Там я понял, что внутри меня есть маленькая комнатка, в которой нет ничего, кроме кроватки, в которой – меленький и несмышленый – лежу я, ковыряя в жидкой стене дырочки, сквозь каждую дырочку – раз в столетие – как праздник, пробивается свет. Он вливается в комнату в виде горошины. Горошина света катится в воздухе, обращаясь вокруг своей оси, и за несколько световых лет она долетает до моей ноздри. Я ничего не могу с собой поделать. Никак не могу противостоять. Горошина света плавно вплывает мне в ноздрю, катится по ней. Я ощущаю, как она плывет во мне, освещая мой устоявшийся мрак. Она прокатывается сквозь меня и вылетает через задний проход. Тоска. Я ковыряю пальцем стену. За мной наблюдает здание, мерцающие огни которого покачивают мой челнок. Это здание похоже на завод имени Пегельмана, на котором работала моя мать, на котором работал и я – ровно месяц. В белом халате. В белой шапочке. Как горошина света среди других горошин. В отделе, где я работал, все так ходили. И мне это нравилось. Я сортировал детали, бракованные выбрасывал, целые ставил на тары. Это было похоже на перебирание ягод. Даже проще: ягоды мнутся и дают сок, детали мялись (усы транзисторов), но это им не вредило. Тары ставил на поднос. За день набиралось до нескольких десятков. Относил подносы на металлическую каталку и – с торжественностью санитара, который везет покойника, – вез ее в комнату, где сидели женщины и проверяли эти детали при помощи приборов. Я обедал с рабочими за грязными столами. Они не носили белых халатов. Меня это возвышало в моих глазах. Они смотрели на меня, как на фрика. Я пил кефир или молоко. Белое перетекало в белое. И мне казалось, что внутри я тоже становлюсь белым. Не помню, какая там была еда. Помню кефир и молоко в граненом стакане. Иногда был борщ. Борщ в нашем городе везде был одинаковый, но особенно хорош он был в железнодорожной столовой (на углу Виру и Вене, где теперь продают янтарь), там он стоил одиннадцать копеек.

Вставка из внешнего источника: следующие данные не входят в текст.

(* Let $N\ge 2$, let $T_N$ be the homogeneous tree in which every vertex has degree $N$, and fix a root $o$. Let $m>1$ and $(p,q)\in G_4=\{(p,q): p<0,\ q=m-1\}$. Then for every $\lambda>0$ there exists a weight $\mu$ on $T_N$ such that $$W_o(n)\asymp e^{\lambda n}\quad\text{for } n\ge 2,$$ and the inequality $\Delta_m u+u^p|\nabla u|^q\le 0$ on $T_N$ admits a nontrivial positive solution.
   Context: A weight on a graph $(V,E)$ is a symmetric function $\mu:V\times V\to[0,\infty)$ with $\mu_{xy}=\mu_{yx}>0$ if and only if $x\sim y$ (adjacent); $\mu(x)=\sum_{y\sim x}\mu_{xy}$. For $m>1$, $\Delta_m u(x)=\frac{1}{\mu(x)}\sum_{y\sim x}\mu_{xy}|u(y)-u(x)|^{m-2}(u(y)-u(x))$ and $|\nabla u(x)|=\big(\sum_{y\sim x}\frac{\mu_{xy}}{2\mu(x)}(u(y)-u(x))^2\big)^{1/2}$. $d$ is the graph distance, $B(o,n)=\{x: d(o,x)\le n\}$, $W_o(n)=\sum_{x\in B(o,n),\,y\in V,\,d(o,x)<d(o,y)}\mu_{xy}$. $f(n)\asymp g(n)$ for $n\ge2$ means there are constants $c,C>0$ with $c\,g(n)\le f(n)\le C\,g(n)$ for all $n\ge 2$. A nontrivial positive solution is a non-constant $u:V\to(0,\infty)$ with $\Delta_m u(x)+u(x)^p|\nabla u(x)|^q\le0$ for all $x\in V$. *)

From HB Require Import structures.
From mathcomp Require Import all_boot all_order all_algebra.
From mathcomp Require Import all_classical all_reals all_analysis.
Set Implicit Arguments. Unset Strict Implicit. Unset Printing Implicit Defensive.
Import Order.TTheory GRing.Theory Num.Theory.
Local Open Scope ring_scope.

(* Vertices are words s : seq nat; the root has N children (letters < N),
   every other vertex has N-1 children (letters < N-1). *)

Definition nchild (N : nat) (s : seq nat) : nat :=
  if s is [::] then N else N.-1.

Definition is_vertex (N : nat) (s : seq nat) : bool :=
  match s with
  | [::] => true
  | a :: t => (a < N)%N && all (fun b => (b < N.-1)%N) t
  end.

Ко мне стали наведываться привидения; у каждого была своя биография, своя история, судьба – всё это помещалось в маленьком кисете. «На, понюхай!» – говорило мне привидение, подсовывая к ноздрям щепотку мелового раствора. Парализованный ужасом, не в силах противиться, я втягивал костный прах в себя, и мне открывалась судьба визитера… Привидения рассказывали мне о том, что происходит в моем родном городе… Я многое о себе понял. Моя смерть ничего не значит. Ни для кого. Исчезновение такой букашки, как я, ничего не изменит. Всё будет как прежде – вращаться, звенеть, трезвонить, шмели и осы будут жужжать, снег будет редкий и грязный, в газетах будет всегдашняя чепуха… поливальные машины будут размазывать металлическими щетками пыль… в кабинетах будут пить кофе, обсасывать сплетни… на конвейерах будут сонливо жаловаться на боли в суставах… город никогда не изменится, он останется таким же, каким он был изначально задуман… не людьми, потому что они – заложники города, а некой сверхъестественной – больше, чем сама история народов, – силой, которая бросила в эту землю, как метеорит, семя своей воли, оставив пробоину в пространстве, и в этой пробоине завелись люди, как в сыром месте мокрицы или дрозофилы возле подгнившего фрукта.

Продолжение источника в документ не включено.